(* (RT, T) is the ring T(X_r): the generators satisfy the relations, and
   (RT, T) is initial: for any commutative ring S with a family satisfying
   the relations there is a unique ring morphism sending generators to it. *)
Definition T_presented (R : realType) (X : dynkin) (per : R[i])
    (RT : comUnitRingType) (T : nat -> nat -> R[i] -> RT) : Prop :=
  T_rel X per T /\
  forall (S : comUnitRingType) (t : nat -> nat -> R[i] -> S), T_rel X per t ->
    exists f : {rmorphism RT -> S},
      (forall a m u, in_I X a -> (0 < m)%N -> f (T a m u) = t a m u) /\
      forall g : {rmorphism RT -> S},
        (forall a m u, in_I X a -> (0 < m)%N -> g (T a m u) = t a m u) ->
        g =1 f.

Definition Y_presented (R : realType) (X : dynkin) (per : R[i])
    (RY : comUnitRingType) (Y : nat -> nat -> R[i] -> RY) : Prop :=
  Y_rel X per Y /\
  forall (S : comUnitRingType) (y : nat -> nat -> R[i] -> S), Y_rel X per y ->
    exists f : {rmorphism RY -> S},
      (forall a m u, in_I X a -> (0 < m)%N -> f (Y a m u) = y a m u) /\
      forall g : {rmorphism RY -> S},
        (forall a m u, in_I X a -> (0 < m)%N -> g (Y a m u) = y a m u) ->
        g =1 f.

• **WORK REQUEST**
Report the count of lines in the listing above that include "generators", and nothing more.

• **YOUR RESPONSE**
2